(* Let $(K,w_K)$ be an $(n+1)$-dimensional simplicial complex with $w_K\equiv 1$ on a vertex set $V$, and let $(H,w_H)$ be an $(n+1)$-dimensional subcomplex with $w_H\equiv 1$ on the faces of $H$, such that their proper difference $(L,w_L)$ exists, i.e. $L=K$ as simplicial complexes, $w_L=w_K-w_H$ (so $w_L=0$ on faces of $H$ and $w_L=1$ on the other faces of $K$), and $\{F\in K: w_L(F)>0\}$ is a simplicial complex. Let $N=|S_n(K)|$ and let $\lambda_1\le\dots\le\lambda_N$ and $\theta_1\le\dots\le\theta_N$ be the eigenvalues of $\mathcal{L}^{up}_n(K,w_K)$ (the combinatorial up-Laplacian of $K$) and $\mathcal{L}^{up}_n(L,w_L)$, respectively. Put $D_{\mathcal{W}}=\dim C^{n+1}(H,\mathbb{R})-\dim H^{n+1}(H,\mathbb{R})$ and $D_H=\dim C^n(H,\mathbb{R})$, and use the conventions $\lambda_j=0$ for $1-D_{\mathcal{W}}\le j\le 0$ and $\lambda_j=|V|$ for $N+1\le j\le N+D_H$. Then for all $k=1,\dots,N$, $$\lambda_{k-D_{\mathcal{W}}}\le\theta_k\le\lambda_{k+D_H}.$$
   Context: $S_j(K)$ is the set of $j$-faces of $K$; $C^j(K,\mathbb{R})$ is the space of real cochains on oriented $j$-faces (antisymmetric under orientation reversal), with coboundary $(\delta_j f)([v_0,\dots,v_{j+1}])=\sum_i(-1)^i f([v_0,\dots,\hat v_i,\dots,v_{j+1}])$. For a weight function $w\ge 0$ on faces, $C^j$ carries $(f,g)=\sum_{F\in S_j}w(F)f([F])g([F])$, and the formal adjoint is $(\delta_j^*\bar f)([F])=\sum_{\bar F\supset F,\ \bar F\in S_{j+1}}\frac{w(\bar F)}{w(F)}\mathrm{sgn}([F],\partial[\bar F])\bar f([\bar F])$ if $w(F)\neq0$ and $0$ otherwise, where $\mathrm{sgn}([v_0,\dots,\hat v_i,\dots,v_{j+1}],\partial[v_0,\dots,v_{j+1}])=(-1)^i$. The up-Laplacian is $\mathcal{L}^{up}_n(K,w)=\delta_n^*\delta_n$ on $C^n(K,\mathbb{R})$; a weight function with zeros gives a degenerate weighted complex. $H^{n+1}(H,\mathbb{R})$ is simplicial cohomology with real coefficients. *)

From mathcomp Require Import all_boot all_order all_algebra.
Set Implicit Arguments. Unset Strict Implicit. Unset Printing Implicit Defensive.
Import Order.TTheory GRing.Theory Num.Theory.
Local Open Scope ring_scope.

Section SimplicialDefs.
Variable T : finType.

Definition is_complex (K : {set {set T}}) : Prop :=
  set0 \notin K /\
  forall F G : {set T}, F \in K -> G \subset F -> G != set0 -> G \in K.

Definition has_dim (K : {set {set T}}) (d : nat) : Prop :=
  (forall F, F \in K -> (#|F| <= d.+1)%N) /\ exists2 F, F \in K & #|F| = d.+1.

Definition faces (K : {set {set T}}) (j : nat) : {set {set T}} :=
  [set F in K | #|F| == j.+1].

(* Orientation: every face is oriented by the fixed total order enum_rank on T.
   pos v Fb = index of v in the increasing enumeration of Fb. *)
Definition pos (v : T) (Fb : {set T}) : nat :=
  #|[set u in Fb | (enum_rank u < enum_rank v)%N]|.

(* sgn([F], d[Fb]) if F is a facet of Fb, and 0 otherwise. *)
Definition inc (R : nzRingType) (Fb F : {set T}) : R :=
  if (F \subset Fb) && (#|Fb| == #|F|.+1)
  then \sum_(v in Fb :\: F) (-1) ^+ pos v Fb
  else 0.

Definition cobound_mx (R : nzRingType) (K : {set {set T}}) (j : nat)
  : 'M[R]_(#|faces K j.+1|, #|faces K j|) :=
  \matrix_(a, b) inc R (enum_val a) (enum_val b).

########

- _Exercise goal_:
All of the data above needs to be written out exactly.

- _Response for this exercise_:
(* Let $(K,w_K)$ be an $(n+1)$-dimensional simplicial complex with $w_K\equiv 1$ on a vertex set $V$, and let $(H,w_H)$ be an $(n+1)$-dimensional subcomplex with $w_H\equiv 1$ on the faces of $H$, such that their proper difference $(L,w_L)$ exists, i.e. $L=K$ as simplicial complexes, $w_L=w_K-w_H$ (so $w_L=0$ on faces of $H$ and $w_L=1$ on the other faces of $K$), and $\{F\in K: w_L(F)>0\}$ is a simplicial complex. Let $N=|S_n(K)|$ and let $\lambda_1\le\dots\le\lambda_N$ and $\theta_1\le\dots\le\theta_N$ be the eigenvalues of $\mathcal{L}^{up}_n(K,w_K)$ (the combinatorial up-Laplacian of $K$) and $\mathcal{L}^{up}_n(L,w_L)$, respectively. Put $D_{\mathcal{W}}=\dim C^{n+1}(H,\mathbb{R})-\dim H^{n+1}(H,\mathbb{R})$ and $D_H=\dim C^n(H,\mathbb{R})$, and use the conventions $\lambda_j=0$ for $1-D_{\mathcal{W}}\le j\le 0$ and $\lambda_j=|V|$ for $N+1\le j\le N+D_H$. Then for all $k=1,\dots,N$, $$\lambda_{k-D_{\mathcal{W}}}\le\theta_k\le\lambda_{k+D_H}.$$
   Context: $S_j(K)$ is the set of $j$-faces of $K$; $C^j(K,\mathbb{R})$ is the space of real cochains on oriented $j$-faces (antisymmetric under orientation reversal), with coboundary $(\delta_j f)([v_0,\dots,v_{j+1}])=\sum_i(-1)^i f([v_0,\dots,\hat v_i,\dots,v_{j+1}])$. For a weight function $w\ge 0$ on faces, $C^j$ carries $(f,g)=\sum_{F\in S_j}w(F)f([F])g([F])$, and the formal adjoint is $(\delta_j^*\bar f)([F])=\sum_{\bar F\supset F,\ \bar F\in S_{j+1}}\frac{w(\bar F)}{w(F)}\mathrm{sgn}([F],\partial[\bar F])\bar f([\bar F])$ if $w(F)\neq0$ and $0$ otherwise, where $\mathrm{sgn}([v_0,\dots,\hat v_i,\dots,v_{j+1}],\partial[v_0,\dots,v_{j+1}])=(-1)^i$. The up-Laplacian is $\mathcal{L}^{up}_n(K,w)=\delta_n^*\delta_n$ on $C^n(K,\mathbb{R})$; a weight function with zeros gives a degenerate weighted complex. $H^{n+1}(H,\mathbb{R})$ is simplicial cohomology with real coefficients. *)

From mathcomp Require Import all_boot all_order all_algebra.
Set Implicit Arguments. Unset Strict Implicit. Unset Printing Implicit Defensive.
Import Order.TTheory GRing.Theory Num.Theory.
Local Open Scope ring_scope.

Section SimplicialDefs.
Variable T : finType.

Definition is_complex (K : {set {set T}}) : Prop :=
  set0 \notin K /\
  forall F G : {set T}, F \in K -> G \subset F -> G != set0 -> G \in K.

Definition has_dim (K : {set {set T}}) (d : nat) : Prop :=
  (forall F, F \in K -> (#|F| <= d.+1)%N) /\ exists2 F, F \in K & #|F| = d.+1.

Definition faces (K : {set {set T}}) (j : nat) : {set {set T}} :=
  [set F in K | #|F| == j.+1].

(* Orientation: every face is oriented by the fixed total order enum_rank on T.
   pos v Fb = index of v in the increasing enumeration of Fb. *)
Definition pos (v : T) (Fb : {set T}) : nat :=
  #|[set u in Fb | (enum_rank u < enum_rank v)%N]|.

(* sgn([F], d[Fb]) if F is a facet of Fb, and 0 otherwise. *)
Definition inc (R : nzRingType) (Fb F : {set T}) : R :=
  if (F \subset Fb) && (#|Fb| == #|F|.+1)
  then \sum_(v in Fb :\: F) (-1) ^+ pos v Fb
  else 0.

Definition cobound_mx (R : nzRingType) (K : {set {set T}}) (j : nat)
  : 'M[R]_(#|faces K j.+1|, #|faces K j|) :=
  \matrix_(a, b) inc R (enum_val a) (enum_val b).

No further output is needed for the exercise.